Saunders was a UNC alum and a colonel in the Confederate Army during the Civil War.

But as the university readily admits on its website, Saunders "became known as the chief organizer of the Ku Klux Klan in North Carolina and Chapel Hill," and led a "terror campaign" intended to upend Reconstruction in the 1860's, according to the Daily Tar Heel.

A few years later, in 1874, Saunders became a UNC trustee.

Some students think there should at least be a plaque on buildings like Saunders, Aycock Residence and Hamilton halls, and the Silent Sam memorial that acknowledges the sordid portions of the lives some of the people the infrastructures are named for.

"I want people to know about how their English building was funded by a person who terrorized black people because he just didn’t like them," Mariah Monsanto, a UNC senior, told the Daily Tar Heel.

Students are gathering signatures on a petition to change the name of the building and will present it to the Board of Trustees at their meeting in May. They held a rally on campus last week as well, also demanding a plaque be placed on the building to "remind us of UNC's white supremacist history."

In a statement from Dr. Lowry Caudill, chair of the University’s Board of Trustees, provided to The Huffington Post, the school said it remains open to discussing changes with the students.
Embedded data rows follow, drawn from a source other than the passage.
(* Let $n\ge 3$, $m\ge 2$, and $F,R$ be as in the context. Suppose that for integers $a_{ij}$ ($1\le i<j-1\le n-2$), $b_i,c_i$ ($1\le i\le n-2$), $d_i$ ($1\le i\le n-3$) the element $$w=\prod_{i<j-1}[s_i,s_j]^{a_{ij}}\cdot\prod_i[s_i,s_{i+1},s_i]^{b_i}\cdot\prod_i[s_i,s_{i+1},s_is_{i+1}^{-1}]^{c_i}\cdot\prod_i[[s_i,s_{i+1}],[s_{i+1},s_{i+2}]]^{d_i}$$ lies in $[R,F]$. Then $m\mid a_{ij}$ for all $i,j$, $m\mid b_i$ and $\gcd\!\big(m,\binom{m}{2}\big)\mid c_i$ for all $i$, and $\gcd(2,m)\mid d_i$ for all $i$.
   Context: Commutator conventions: $[a,b]=a^{-1}b^{-1}ab$, $a^b=b^{-1}ab$, and commutators are left-normed: $[a_1,\dots,a_k]=[[a_1,\dots,a_{k-1}],a_k]$. Let $F$ be the free group on $s_1,\dots,s_{n-1}$ and let $R$ be the normal closure in $F$ of the following relators: $s_i^m$ ($1\le i\le n-1$); $[s_i,s_j]$ ($1\le i<j-1\le n-2$); $[s_i,s_{i+1},s_i]$ and $[s_i,s_{i+1},s_{i+1}]$ ($1\le i\le n-2$); $[[s_i,s_{i+1}],[s_{i+1},s_{i+2}]]$ ($1\le i\le n-3$). It is known that $F/R\cong \mathrm{UT}_n(\mathbb Z/m\mathbb Z)$ via $s_i\mapsto I+E_{i,i+1}$. *)

(* Free group F on s_1..s_{n-1} modelled by words over
   letters (i, inverted?) with i in 1..n-1, modulo free reduction; subgroups
   are predicates on words closed under free insertion/deletion of x x^-1. *)
From HB Require Import structures.
From mathcomp Require Import all_boot all_order all_algebra.
Set Implicit Arguments. Unset Strict Implicit. Unset Printing Implicit Defensive.
Import GRing.Theory Num.Theory.

Definition letter := (nat * bool)%type.   (* (i, false) = s_i, (i, true) = s_i^-1 *)
Definition word := seq letter.
Definition linv (x : letter) : letter := (x.1, ~~ x.2).
Definition winv (w : word) : word := rev (map linv w).
Definition gen (i : nat) : word := [:: (i, false)].
Definition comm (u v : word) : word := winv u ++ winv v ++ u ++ v.
Definition wpow (w : word) (z : int) : word :=
  match z with
  | Posz k => flatten (nseq k w)
  | Negz k => flatten (nseq k.+1 (winv w))
  end.
Definition letter_on (n : nat) (x : letter) : bool := (0 < x.1 < n)%N.
Definition word_on (n : nat) (w : word) : bool := all (letter_on n) w.

(* defining relators of UT_n(Z/mZ) *)
Definition is_relator (n m : nat) (r : word) : Prop :=
  (exists i, [/\ 1 <= i, i <= n - 1 & r = flatten (nseq m (gen i))]%N)
  \/ (exists i j, [/\ 1 <= i, i + 2 <= j, j <= n - 1 & r = comm (gen i) (gen j)]%N)
  \/ (exists i, [/\ 1 <= i, i <= n - 2 &
        (r = comm (comm (gen i) (gen i.+1)) (gen i)
         \/ r = comm (comm (gen i) (gen i.+1)) (gen i.+1))]%N)
  \/ (exists i, [/\ 1 <= i, i <= n - 3 &
        r = comm (comm (gen i) (gen i.+1)) (comm (gen i.+1) (gen i.+2))]%N).

(* membership in R = normal closure of the relators in F *)
Inductive inR (n m : nat) : word -> Prop :=
| R_rel r : is_relator n m r -> inR n m r
| R_nil : inR n m [::]
| R_mul u v : inR n m u -> inR n m v -> inR n m (u ++ v)
| R_inv u : inR n m u -> inR n m (winv u)
| R_conj u g : word_on n g -> inR n m u -> inR n m (winv g ++ u ++ g)
| R_ins u v x : letter_on n x -> inR n m (u ++ v) -> inR n m (u ++ x :: linv x :: v)
| R_del u v x : inR n m (u ++ x :: linv x :: v) -> inR n m (u ++ v).

(* membership in [R,F] = subgroup generated by [r,f], r in R, f in F *)
Inductive inRF (n m : nat) : word -> Prop :=
| RF_gen r f : inR n m r -> word_on n f -> inRF n m (comm r f)
| RF_nil : inRF n m [::]
| RF_mul u v : inRF n m u -> inRF n m v -> inRF n m (u ++ v)
| RF_inv u : inRF n m u -> inRF n m (winv u)
| RF_ins u v x : letter_on n x -> inRF n m (u ++ v) -> inRF n m (u ++ x :: linv x :: v)
| RF_del u v x : inRF n m (u ++ x :: linv x :: v) -> inRF n m (u ++ v).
"We encourage them to share their research and thoughts with us," Caudill said. "I know Vice-Chair Alston Gardner has had conversations with students on this topic and we look forward to hearing from them. It's important to note that the University has a policy on renaming campus facilities, which would be our guideline in any such conversation."

If the benefactor's or honoree's reputation changes substantially so that the continued use of that name may compromise the public trust, dishonor the University's standards, or otherwise be contrary to the best interests of the University, the naming may be revoked. However, caution must be taken when, with the passage of time, the standards and achievements deemed to justify a naming action may change and observers of a later age may deem those who conferred a naming honor at an earlier age to have erred. Namings should not be altered simply because later observers would have made different judgments.

Students don't appear to think there's room for much caution in this case, declaring in a Facebook post for their rally the honor for Saunders is an "ongoing presence of white supremacy embedded in our campus geography."

Clarification: Language has been added to clarify the context in which Monsanto's quote was originally offered, and to reflect that she was not specifically referencing Saunders Hall."